Your goal:
Some of the lines below need repeating. Reproduce exactly those between the lines holding "[/\ forall i, (i < n)%N -> P" and "(* trivial sequence", inclusive.

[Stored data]
(* A small category, presented in the two-sorted way (a type of objects, a
   type of morphisms with domain and codomain maps), equipped with the data of
   an additive structure on hom-sets and an endofunctor Sigma.
   [comp g f] is the composite  g o f  (defined when cod f = dom g). *)
Record ncat := NCat {
  Ob : Type; Mor : Type;
  dom : Mor -> Ob; cod : Mor -> Ob;
  idm : Ob -> Mor;
  comp : Mor -> Mor -> Mor;
  zerom : Ob -> Ob -> Mor;
  addm : Mor -> Mor -> Mor;
  oppm : Mor -> Mor;
  SigO : Ob -> Ob;
  SigM : Mor -> Mor }.

Arguments dom {_}. Arguments cod {_}. Arguments idm {_}. Arguments comp {_}.
Arguments zerom {_}. Arguments addm {_}. Arguments oppm {_}.
Arguments SigO {_}. Arguments SigM {_}.

Section NAngulated.
Variable C : ncat.

Definition hom (f : Mor C) (A B : Ob C) : Prop := dom f = A /\ cod f = B.

Record preadditive : Prop := {
  pa_id : forall A, hom (idm A) A A;
  pa_comp : forall f g A B D, hom f A B -> hom g B D -> hom (comp g f) A D;
  pa_idl : forall f A B, hom f A B -> comp (idm B) f = f;
  pa_idr : forall f A B, hom f A B -> comp f (idm A) = f;
  pa_assoc : forall f g h A B D E, hom f A B -> hom g B D -> hom h D E ->
     comp h (comp g f) = comp (comp h g) f;
  pa_zero : forall A B, hom (zerom A B) A B;
  pa_add : forall f g A B, hom f A B -> hom g A B -> hom (addm f g) A B;
  pa_opp : forall f A B, hom f A B -> hom (oppm f) A B;
  pa_addA : forall f g h A B, hom f A B -> hom g A B -> hom h A B ->
     addm f (addm g h) = addm (addm f g) h;
  pa_addC : forall f g A B, hom f A B -> hom g A B -> addm f g = addm g f;
  pa_add0 : forall f A B, hom f A B -> addm f (zerom A B) = f;
  pa_addN : forall f A B, hom f A B -> addm f (oppm f) = zerom A B;
  pa_compDl : forall f g h A B D, hom f A B -> hom g A B -> hom h B D ->
     comp h (addm f g) = addm (comp h f) (comp h g);
  pa_compDr : forall f g h A B D, hom f B D -> hom g B D -> hom h A B ->
     comp (addm f g) h = addm (comp f h) (comp g h) }.

Definition iso (f : Mor C) : Prop :=
  exists g, hom g (cod f) (dom f) /\ comp g f = idm (dom f) /\ comp f g = idm (cod f).

Definition isoob (X Y : Ob C) : Prop := exists f, hom f X Y /\ iso f.

Definition is_zero (Z : Ob C) : Prop := idm Z = zerom Z Z.

Record bip := Bip { bo : Ob C; bi1 : Mor C; bi2 : Mor C; bp1 : Mor C; bp2 : Mor C }.

Definition is_biprod (X Y : Ob C) (d : bip) : Prop :=
  [/\ hom (bi1 d) X (bo d), hom (bi2 d) Y (bo d), hom (bp1 d) (bo d) X,
      hom (bp2 d) (bo d) Y &
  [/\ comp (bp1 d) (bi1 d) = idm X, comp (bp2 d) (bi2 d) = idm Y,
      comp (bp1 d) (bi2 d) = zerom Y X, comp (bp2 d) (bi1 d) = zerom X Y &
      addm (comp (bi1 d) (bp1 d)) (comp (bi2 d) (bp2 d)) = idm (bo d)]].

Definition additive_on (P : Ob C -> Prop) : Prop :=
  [/\ preadditive,
      exists Z, P Z /\ is_zero Z &
      forall X Y, P X -> P Y -> exists d, P (bo d) /\ is_biprod X Y d].

Definition sig_auto (P : Ob C -> Prop) : Prop :=
  [/\ (forall f A B, hom f A B -> hom (SigM f) (SigO A) (SigO B)),
      (forall A : Ob C, SigM (idm A) = idm (SigO A)),
      (forall f g A B D, hom f A B -> hom g B D ->
          SigM (comp g f) = comp (SigM g) (SigM f)),
      (forall f g A B, hom f A B -> hom g A B ->
          SigM (addm f g) = addm (SigM f) (SigM g)) &
   [/\ (forall X, P X -> P (SigO X)),
       (forall X Y, P X -> P Y -> SigO X = SigO Y -> X = Y),
       (forall Y, P Y -> exists X, P X /\ SigO X = Y),
       (forall A B f g, P A -> P B -> hom f A B -> hom g A B -> SigM f = SigM g -> f = g) &
       (forall A B g, P A -> P B -> hom g (SigO A) (SigO B) ->
          exists f, hom f A B /\ SigM f = g)]].

(* n-Sigma-sequences, indexed from 0: objects so 0 .. so (n-1) (= A_1 .. A_n),
   morphisms sm i : so i -> so (i+1) for i < n-1 (= alpha_(i+1)) and
   sm (n-1) : so (n-1) -> Sigma (so 0) (= alpha_n).  Values at other indices
   are irrelevant. *)
Record nsigseq := NSeq { so : nat -> Ob C; sm : nat -> Mor C }.

Variable n : nat.

Definition is_nseq (P : Ob C -> Prop) (s : nsigseq) : Prop :=
  [/\ forall i, (i < n)%N -> P (so s i),
      forall i, (i.+1 < n)%N -> hom (sm s i) (so s i) (so s i.+1) &
      hom (sm s n.-1) (so s n.-1) (SigO (so s 0))].

Definition sgn (f : Mor C) : Mor C := if odd n then oppm f else f.

Definition lrot (s : nsigseq) : nsigseq :=
  NSeq (fun i => if (i.+1 < n)%N then so s i.+1 else SigO (so s 0))
       (fun i => if (i.+1 < n)%N then sm s i.+1 else sgn (SigM (sm s 0))).

Definition seqmor (s t : nsigseq) (phi : nat -> Mor C) : Prop :=
  [/\ forall i, (i < n)%N -> hom (phi i) (so s i) (so t i),
      forall i, (i.+1 < n)%N -> comp (sm t i) (phi i) = comp (phi i.+1) (sm s i) &
      comp (sm t n.-1) (phi n.-1) = comp (SigM (phi 0%N)) (sm s n.-1)].

Definition seqiso (s t : nsigseq) : Prop :=
  exists phi, seqmor s t phi /\ forall i, (i < n)%N -> iso (phi i).

Definition seqsum (s t u : nsigseq) : Prop :=
  exists e1 e2 q1 q2, [/\ seqmor s u e1, seqmor t u e2, seqmor u s q1, seqmor u t q2 &
    forall i, (i < n)%N ->
      is_biprod (so s i) (so t i) (Bip (so u i) (e1 i) (e2 i) (q1 i) (q2 i))].

(* trivial sequence  A -1-> A -> Z -> ... -> Z -> Sigma A, Z a zero object *)
Definition triv (A Z : Ob C) : nsigseq :=
  let o := fun i => if (i < 2)%N then A else Z in
  NSeq o (fun i => if i == 0%N then idm A
                   else if (i.+1 < n)%N then zerom (o i) (o i.+1)
                   else zerom (o i) (SigO A)).

(* mapping cone, built from chosen biproducts D j of (lrot s)_j and t_j *)
Definition cone (s t : nsigseq) (phi : nat -> Mor C) (D : nat -> bip) : nsigseq :=
  NSeq (fun j => bo (D j))
   (fun j => if (j.+1 < n)%N then
       addm (addm (comp (bi1 (D j.+1)) (comp (oppm (sm s j.+1)) (bp1 (D j))))
                  (comp (bi2 (D j.+1)) (comp (phi j.+1) (bp1 (D j)))))
            (comp (bi2 (D j.+1)) (comp (sm t j) (bp2 (D j))))
     else
       addm (addm (comp (SigM (bi1 (D 0%N))) (comp (oppm (SigM (sm s 0%N))) (bp1 (D j))))
                  (comp (SigM (bi2 (D 0%N))) (comp (SigM (phi 0%N)) (bp1 (D j)))))
            (comp (SigM (bi2 (D 0%N))) (comp (sm t j) (bp2 (D j))))).

Record nangulated (P : Ob C -> Prop) (N : nsigseq -> Prop) : Prop := {
  na_add : additive_on P;
  na_sig : sig_auto P;
  na_wf : forall s, N s -> is_nseq P s;
  na_iso : forall s t, N s -> is_nseq P t -> seqiso s t -> N t;
  na_sum : forall s t u, is_nseq P s -> is_nseq P t -> is_nseq P u ->
     seqsum s t u -> (N u <-> N s /\ N t);
  na_triv : forall A Z, P A -> P Z -> is_zero Z -> N (triv A Z);
  na_ext : forall f, P (dom f) -> P (cod f) -> exists s, N s /\ sm s 0%N = f;
  na_rot : forall s, is_nseq P s -> (N s <-> N (lrot s));
  na_mor : forall s t f1 f2, N s -> N t ->
     hom f1 (so s 0%N) (so t 0%N) -> hom f2 (so s 1%N) (so t 1%N) ->
     comp (sm t 0%N) f1 = comp f2 (sm s 0%N) ->
     exists phi, [/\ seqmor s t phi, phi 0%N = f1 & phi 1%N = f2];
  na_cone : forall s t f1 f2, N s -> N t ->
     hom f1 (so s 0%N) (so t 0%N) -> hom f2 (so s 1%N) (so t 1%N) ->
     comp (sm t 0%N) f1 = comp f2 (sm s 0%N) ->
     exists phi, [/\ seqmor s t phi, phi 0%N = f1, phi 1%N = f2 &
       forall D : nat -> bip,
         (forall j, (j < n)%N -> P (bo (D j)) /\ is_biprod (so (lrot s) j) (so t j) (D j)) ->
         N (cone s t phi D)] }.

Definition incl_nangulated (N : nsigseq -> Prop) (P : Ob C -> Prop) (NP : nsigseq -> Prop) : Prop :=
  exists eta : Ob C -> Mor C,
    [/\ forall X, P X -> hom (eta X) (SigO X) (SigO X) /\ iso (eta X),
        forall f, P (dom f) -> P (cod f) ->
          comp (eta (cod f)) (SigM f) = comp (SigM f) (eta (dom f)) &
        forall s, NP s ->
          N (NSeq (so s) (fun i => if i == n.-1 then comp (eta (so s 0%N)) (sm s n.-1)
                                   else sm s i))].

(* n-angulated subcategory of (C, Sigma, N): full, closed under isomorphisms,
   Sigma restricts to an automorphism (contained in [nangulated]), with its own
   n-angles NP, and the inclusion is n-angulated. *)
Definition nang_subcat (N : nsigseq -> Prop) (P : Ob C -> Prop) (NP : nsigseq -> Prop) : Prop :=
  [/\ forall X Y, P X -> isoob X Y -> P Y,
      nangulated P NP &
      incl_nangulated N P NP].

Definition dense (P : Ob C -> Prop) : Prop :=
  forall X, exists Z d, is_biprod X Z d /\ P (bo d).

Definition complete (N : nsigseq -> Prop) (P : Ob C -> Prop) : Prop :=
  forall s, N s -> forall k, (k < n)%N ->
    (forall i, (i < n)%N -> i != k -> P (so s i)) -> P (so s k).

(* ---- Grothendieck group ----
   An element of F(C) (free abelian group on isomorphism classes) is
   represented by a finite formal combination  sum c_k <X_k>; two combinations
   are equal in F(C) iff every isomorphism class gets the same coefficient. *)
Definition fsum := seq (int * Ob C).

Definition coef (L : fsum) (Y : Ob C) : int :=
  \sum_(p <- L) (if `[< isoob p.2 Y >] then p.1 else 0).

Definition Feq (L L' : fsum) : Prop := forall Y, coef L Y = coef L' Y.

Definition fscale (k : int) (L : fsum) : fsum := [seq (k * p.1, p.2) | p <- L].

Definition in_span (G : fsum -> Prop) (L : fsum) : Prop :=
  exists gs : seq (int * fsum),
    Stdlib.Lists.List.Forall (fun g => G g.2) gs /\
    Feq L (flatten [seq fscale g.1 g.2 | g <- gs]).

Definition chi (s : nsigseq) : fsum := [seq ((-1) ^+ i, so s i) | i <- iota 0 n].

Definition Rgen (N : nsigseq -> Prop) (L : fsum) : Prop :=
  (exists s, N s /\ L = chi s) \/
  (~~ odd n /\ exists Z, is_zero Z /\ L = [:: (1, Z)]).

Definition ImGen (P : Ob C -> Prop) (L : fsum) : Prop :=
  exists A, P A /\ L = [:: (1, A)].

(* [X] = 0 in K0(C) / Im K0(A), i.e. <X> in R(C) + Im(F(A) -> F(C)) *)
Definition class_zero_mod_image (N : nsigseq -> Prop) (P : Ob C -> Prop) (X : Ob C) : Prop :=
  exists L1 L2, [/\ in_span (Rgen N) L1, in_span (ImGen P) L2 &
                    Feq [:: (1, X)] (L1 ++ L2)].

End NAngulated.

From HB Require Import structures.
From mathcomp Require Import all_boot all_algebra.
From mathcomp Require Import boolp zify.
Set Implicit Arguments. Unset Strict Implicit. Unset Printing Implicit Defensive.
Import GRing.Theory.
Local Open Scope ring_scope.

(* Let [stab] be the abelian group of objects of C up to stable isomorphism relative to A:
   X ~ Y iff X ⊕ A1 ≅ Y ⊕ A2 for some A1, A2 in A; density of A provides inverses.
   The alternating sum of the classes of the terms of an n-angle vanishes in [stab]:
   adding rotations of trivial n-angles, whose alternating sums are 0, moves all terms
   but the last into A, and completeness then moves the last one into A as well.
   Hence X ↦ [X] factors through K0(C)/Im K0(A). If its value on X is 0, then X ⊕ A
   lies in A for some A in A, and completeness applied to a sum of trivial n-angles
   puts X in A. *)

Section Biproducts.
Variable C : ncat.
Hypothesis HC : preadditive C.

Definition Hom (A B : Ob C) := {f : Mor C | hom f A B}.
HB.instance Definition _ A B := gen_eqMixin (Hom A B).
HB.instance Definition _ A B := gen_choiceMixin (Hom A B).

Lemma Hom_inj A B (f g : Hom A B) : sval f = sval g -> f = g.
Proof. case: f g => [f pf] [g pg] /= E; subst; congr exist; apply: Prop_irrelevance. Qed.

Definition hcomp A B D (g : Hom B D) (f : Hom A B) : Hom A D :=
  exist _ (comp (sval g) (sval f)) (pa_comp HC (svalP f) (svalP g)).
Definition hid A : Hom A A := exist _ (idm A) (pa_id HC A).
Definition hzero A B : Hom A B := exist _ (zerom A B) (pa_zero HC A B).
Definition hadd A B (f g : Hom A B) : Hom A B :=
  exist _ (addm (sval f) (sval g)) (pa_add HC (svalP f) (svalP g)).
Definition hopp A B (f : Hom A B) : Hom A B := exist _ (oppm (sval f)) (pa_opp HC (svalP f)).

Lemma haddA A B : associative (@hadd A B).
Proof. by move=> f g h; apply: Hom_inj; rewrite /= (pa_addA HC (svalP f) (svalP g) (svalP h)). Qed.
Lemma haddC A B : commutative (@hadd A B).
Proof. by move=> f g; apply: Hom_inj; rewrite /= (pa_addC HC (svalP f) (svalP g)). Qed.
Lemma hadd0 A B : left_id (hzero A B) (@hadd A B).
Proof. by move=> f; rewrite haddC; apply: Hom_inj; rewrite /= (pa_add0 HC (svalP f)). Qed.
Lemma haddN A B : left_inverse (hzero A B) (@hopp A B) (@hadd A B).
Proof. by move=> f; rewrite haddC; apply: Hom_inj; rewrite /= (pa_addN HC (svalP f)). Qed.

HB.instance Definition _ A B :=
  GRing.isZmodule.Build (Hom A B) (@haddA A B) (@haddC A B) (@hadd0 A B) (@haddN A B).

Local Notation "g ⊚ f" := (hcomp g f) (at level 40, left associativity).

Lemma hcompA A B D E (f : Hom A B) (g : Hom B D) (h : Hom D E) : h ⊚ (g ⊚ f) = h ⊚ g ⊚ f.
Proof. by apply: Hom_inj; rewrite /= (pa_assoc HC (svalP f) (svalP g) (svalP h)). Qed.
Lemma hcomp1l A B (f : Hom A B) : hid B ⊚ f = f.
Proof. by apply: Hom_inj; rewrite /= (pa_idl HC (svalP f)). Qed.
Lemma hcomp1r A B (f : Hom A B) : f ⊚ hid A = f.
Proof. by apply: Hom_inj; rewrite /= (pa_idr HC (svalP f)). Qed.
Lemma hcompDr A B D (f g : Hom A B) (h : Hom B D) : h ⊚ (f + g) = h ⊚ f + h ⊚ g.
Proof. by apply: Hom_inj; rewrite /= (pa_compDl HC (svalP f) (svalP g) (svalP h)). Qed.
Lemma hcompDl A B D (f g : Hom B D) (h : Hom A B) : (f + g) ⊚ h = f ⊚ h + g ⊚ h.
Proof. by apply: Hom_inj; rewrite /= (pa_compDr HC (svalP f) (svalP g) (svalP h)). Qed.
Lemma hcomp0r A B D (h : Hom B D) : h ⊚ (0 : Hom A B) = 0.
Proof. by apply/(@addrI _ (h ⊚ 0)); rewrite -hcompDr !addr0. Qed.
Lemma hcomp0l A B D (h : Hom A B) : (0 : Hom B D) ⊚ h = 0.
Proof. by apply/(@addrI _ (0 ⊚ h)); rewrite -hcompDl !addr0. Qed.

Expected output:
  [/\ forall i, (i < n)%N -> P (so s i),
      forall i, (i.+1 < n)%N -> hom (sm s i) (so s i) (so s i.+1) &
      hom (sm s n.-1) (so s n.-1) (SigO (so s 0))].

Definition sgn (f : Mor C) : Mor C := if odd n then oppm f else f.

Definition lrot (s : nsigseq) : nsigseq :=
  NSeq (fun i => if (i.+1 < n)%N then so s i.+1 else SigO (so s 0))
       (fun i => if (i.+1 < n)%N then sm s i.+1 else sgn (SigM (sm s 0))).

Definition seqmor (s t : nsigseq) (phi : nat -> Mor C) : Prop :=
  [/\ forall i, (i < n)%N -> hom (phi i) (so s i) (so t i),
      forall i, (i.+1 < n)%N -> comp (sm t i) (phi i) = comp (phi i.+1) (sm s i) &
      comp (sm t n.-1) (phi n.-1) = comp (SigM (phi 0%N)) (sm s n.-1)].

Definition seqiso (s t : nsigseq) : Prop :=
  exists phi, seqmor s t phi /\ forall i, (i < n)%N -> iso (phi i).

Definition seqsum (s t u : nsigseq) : Prop :=
  exists e1 e2 q1 q2, [/\ seqmor s u e1, seqmor t u e2, seqmor u s q1, seqmor u t q2 &
    forall i, (i < n)%N ->
      is_biprod (so s i) (so t i) (Bip (so u i) (e1 i) (e2 i) (q1 i) (q2 i))].

(* trivial sequence  A -1-> A -> Z -> ... -> Z -> Sigma A, Z a zero object *)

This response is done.